-- Opening Marker --

Lemma coords_cross (O u P Q R S : pt) :
  cross (vsub (coords O u P) (coords O u Q)) (vsub (coords O u R) (coords O u S))
  = dot u u * cross (vsub P Q) (vsub R S).
Proof. pt_field. Qed.

Lemma pdist_coords (O u P Q : pt) :
  dot u u = 1 -> pdist (coords O u P) (coords O u Q) = pdist P Q.
Proof. intro Hu; unfold pdist; now rewrite coords_dot, Hu, Rmult_1_l. Qed.

Lemma coords_inj (O u P Q : pt) :
  dot u u = 1 -> coords O u P = coords O u Q -> P = Q.
Proof.
  intros Hu E.
  assert (H0 : dot (vsub P Q) (vsub P Q) = 0).
  { rewrite <- (Rmult_1_l (dot _ _)), <- Hu, <- (coords_dot O u), E; pt_field. }
  now apply vsub_eq0, dot_self_eq0.
Qed.

Lemma lx_std (X : pt) : lx origin xaxis X = fst X.
Proof. pt_field. Qed.

Lemma ly_std (X : pt) : ly origin xaxis X = snd X.
Proof. pt_field. Qed.

Lemma tangent_line_coords (e : bool) (O u : pt) (a b : R) (P Q : pt) :
  dot u u = 1 -> tangent_line e O u a b P Q ->
  tangent_line e origin xaxis a b (coords O u P) (coords O u Q).
Proof.
  intros Hu [HPQ [X [[t ->] [Hc Hg]]]]; split.
  - intro E; apply HPQ; exact (coords_inj O u P Q Hu E).
  - exists (coords O u (vadd P (vscale t (vsub Q P)))); split; [exists t; pt_field |].
    unfold on_conic; rewrite lx_std, ly_std; split; [exact Hc |].
    assert (Ex : dot (vsub (coords O u Q) (coords O u P)) xaxis = dot (vsub Q P) u)
      by pt_field.
    assert (Ey : dot (vsub (coords O u Q) (coords O u P)) (perp xaxis) = dot (vsub Q P) (perp u))
      by pt_field.
    rewrite Ex, Ey; exact Hg.
Qed.

Lemma focal_c_sq (e : bool) (a b : R) :
  0 <= b -> (e = true -> b <= a) -> focal_c e a b ^ 2 = a ^ 2 - sgn e * b ^ 2.
Proof.
  intros Hb Hab; unfold focal_c; rewrite pow2_sqrt.
  - destruct e; simpl; ring.
  - destruct e; [specialize (Hab eq_refl) |]; nra.
Qed.

Lemma focus_coords (e : bool) (O u : pt) (a b : R) (F : pt) :
  central_conic e O u a b -> is_focus e O u a b F ->
  snd (coords O u F) = 0 /\ fst (coords O u F) ^ 2 = a ^ 2 - sgn e * b ^ 2.
Proof.
  intros [_ [Hb [Hu Hab]]] HF; rewrite <- (focal_c_sq e a b (Rlt_le _ _ Hb) Hab).
  assert (Hc : forall c, coords O u (vadd O (vscale c u)) = (c * dot u u, 0)) by pt_field.
  destruct HF as [-> | ->]; rewrite Hc, Hu; cbn [fst snd]; split; ring.
Qed.

Section StandardPosition.

Variables (e : bool) (a b : R) (F : pt).
Hypotheses (Ha : 0 < a) (Hb : 0 < b).
Hypotheses (HFy : snd F = 0) (HFx : fst F ^ 2 = a ^ 2 - sgn e * b ^ 2).

Lemma tangent_line_std (P Q : pt) :
  tangent_line e origin xaxis a b P Q ->
  P <> Q /\ exists X, on_line P Q X /\
    dot (conic_normal e a b X) X = 1 /\ dot (conic_normal e a b X) (vsub Q P) = 0.
Proof.
  intros [HPQ [X [HX [Hc Hg]]]].
  unfold on_conic in Hc; rewrite lx_std, ly_std in Hc, Hg.
  split; [exact HPQ | exists X; split; [exact HX | split]].
  - rewrite <- Hc; destruct X; unfold conic_normal, dot, Rdiv; simpl; ring.
  - rewrite <- Hg; destruct X, P, Q; unfold conic_normal, dot, vsub, xaxis, perp, Rdiv; simpl; ring.
Qed.

Lemma conic_normal_focal (X : pt) :
  dot (conic_normal e a b X) X = 1 ->
  dot (conic_normal e a b X) (conic_normal e a b X) * (a ^ 2 - dot F F)
  = 1 - dot (conic_normal e a b X) F ^ 2.
Proof.
  destruct X as [x y]; unfold conic_normal, dot; cbn [fst snd]; intro Hc.
  rewrite HFy.
  replace (fst F * fst F + 0 * 0) with (fst F ^ 2) by ring.
  replace ((x / a ^ 2 * fst F + sgn e * y / b ^ 2 * 0) ^ 2) with (x ^ 2 / a ^ 4 * fst F ^ 2)
    by (field; lra).
  rewrite HFx.
  assert (Z : (x / a ^ 2 * (x / a ^ 2) + sgn e * y / b ^ 2 * (sgn e * y / b ^ 2))
                * (a ^ 2 - (a ^ 2 - sgn e * b ^ 2))
              - (1 - x ^ 2 / a ^ 4 * (a ^ 2 - sgn e * b ^ 2))
              = x / a ^ 2 * x + sgn e * y / b ^ 2 * y - 1)
    by (destruct e; simpl; field; lra).
  lra.
Qed.

Lemma pedal_circle (P Q M : pt) :
  tangent_line e origin xaxis a b P Q -> on_line P Q M ->
  dot (vsub M F) (vsub Q P) = 0 -> dot M M = a ^ 2.
Proof.
  intros HT HM HMF.
  destruct (tangent_line_std P Q HT) as [HPQ [X [HX [Hc Hg]]]].
  assert (HgM : dot (conic_normal e a b X) M = 1)
    by (rewrite (on_line_dot P Q X M (conic_normal e a b X) HX HM Hg); exact Hc).
  assert (Hpar : cross (conic_normal e a b X) (vsub M F) = 0).
  { assert (Hd : dot (vsub Q P) (conic_normal e a b X) = 0) by now rewrite dot_comm.
    assert (HdMF : dot (vsub Q P) (vsub M F) = 0) by now rewrite dot_comm.
    destruct (orthogonal_pair (vsub Q P) _ _ Hd HdMF) as [E | E]; [exact E |].
    exfalso; apply HPQ; symmetry; now apply vsub_eq0. }
  assert (Hfoot := foot_on_line_norm _ _ _ HgM Hpar).
  assert (Hfocal := conic_normal_focal X Hc).
  assert (Hpos := dot_self_pos _ _ HgM).
  apply (Rmult_eq_reg_l (dot (conic_normal e a b X) (conic_normal e a b X))); lra.
Qed.

Lemma midpoint_pedal_circle (P Q : pt) :
  tangent_line e origin xaxis a b P Q -> pdist F P = pdist F Q ->
  dot (midpoint P Q) (midpoint P Q) = a ^ 2.
Proof.
  intros HT HFPQ; apply pdist_eq_sq in HFPQ.
  apply (pedal_circle P Q); [exact HT | exists (1 / 2); pt_field |].
  assert (E : 2 * dot (vsub (midpoint P Q) F) (vsub Q P)
              = dot (vsub F Q) (vsub F Q) - dot (vsub F P) (vsub F P)) by pt_field.
  lra.
Qed.

Theorem orthocenter_distances_std (A B C H : pt) :
  nondegenerate A B C -> circumscribed e origin xaxis a b A B C ->
  is_circumcenter A B C F -> is_orthocenter A B C H ->
  pdist A H * pdist B H * pdist C H = 8 * a * b ^ 2.
Proof.
  intros Hnd [TAB [TBC TCA]] Hcirc Horth.
  pose proof Hcirc as [HAB HBC].
  assert (MA := midpoint_pedal_circle B C TBC HBC).
  assert (MB := midpoint_pedal_circle C A TCA (eq_sym (eq_trans HAB HBC))).
  assert (MC := midpoint_pedal_circle A B TAB HAB).
  assert (HF : F = vadd A (vadd B C))
    by (apply (circumcenter_eq_of_medial A B C F Hnd Hcirc); congruence).
  assert (HH : H = vscale (-1) F)
    by (rewrite (orthocenter_eq A B C F H Hnd Hcirc Horth), HF; pt_field).
  assert (Hsum : vadd (midpoint B C) (vadd (midpoint C A) (midpoint A B)) = F)
    by (rewrite HF; pt_field).
  assert (HFF : dot F F = a ^ 2 - sgn e * b ^ 2)
    by (unfold dot; rewrite HFy, <- HFx; ring).
  unfold pdist; apply sqrt_prod3; try apply dot_self_nonneg; [nra |].
  transitivity (64 * (dot (vadd (midpoint C A) (midpoint A B)) (vadd (midpoint C A) (midpoint A B))
                      * dot (vadd (midpoint A B) (midpoint B C)) (vadd (midpoint A B) (midpoint B C))
                      * dot (vadd (midpoint B C) (midpoint C A)) (vadd (midpoint B C) (midpoint C A)))).
  { rewrite HH, HF; pt_field. }
  rewrite (chord_sum_product _ _ _ _ MA MB MC), Hsum, HFF.
  destruct e; simpl; ring.
Qed.

End StandardPosition.

Theorem corollary5p13 (e : bool) (O u : pt) (a b : R) (A B C F H : pt) :
  central_conic e O u a b ->
  nondegenerate A B C ->
  circumscribed e O u a b A B C ->
  is_focus e O u a b F ->
  is_circumcenter A B C F ->
  is_orthocenter A B C H ->
  pdist A H * pdist B H * pdist C H = 8 * a * b ^ 2.
Proof.
  intros Hconic Hnd [TAB [TBC TCA]] Hfoc [HAB HBC] [HA [HB HC]].
  pose proof Hconic as [Ha [Hb [Hu _]]].
  destruct (focus_coords e O u a b F Hconic Hfoc) as [HFy HFx].
  pose proof (fun P Q => pdist_coords O u P Q Hu) as Hdist.
  rewrite <- (Hdist A H), <- (Hdist B H), <- (Hdist C H).
  apply (orthocenter_distances_std e a b (coords O u F)); try assumption.
  - unfold nondegenerate; now rewrite coords_cross, Hu, Rmult_1_l.
  - split; [| split]; now apply tangent_line_coords.
  - split; now rewrite !Hdist.
  - unfold is_orthocenter; rewrite !coords_dot, Hu, HA, HB, HC; repeat split; ring.
Qed.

-- Closing Marker --

■ **WHAT IS EXPECTED**: Return, exactly and without additions, the lines that run from the one containing "- unfold nondegenerate;" to the end of the material above.

■ **SOLUTION TO THE EXERCISE**:
  - unfold nondegenerate; now rewrite coords_cross, Hu, Rmult_1_l.
  - split; [| split]; now apply tangent_line_coords.
  - split; now rewrite !Hdist.
  - unfold is_orthocenter; rewrite !coords_dot, Hu, HA, HB, HC; repeat split; ring.
Qed.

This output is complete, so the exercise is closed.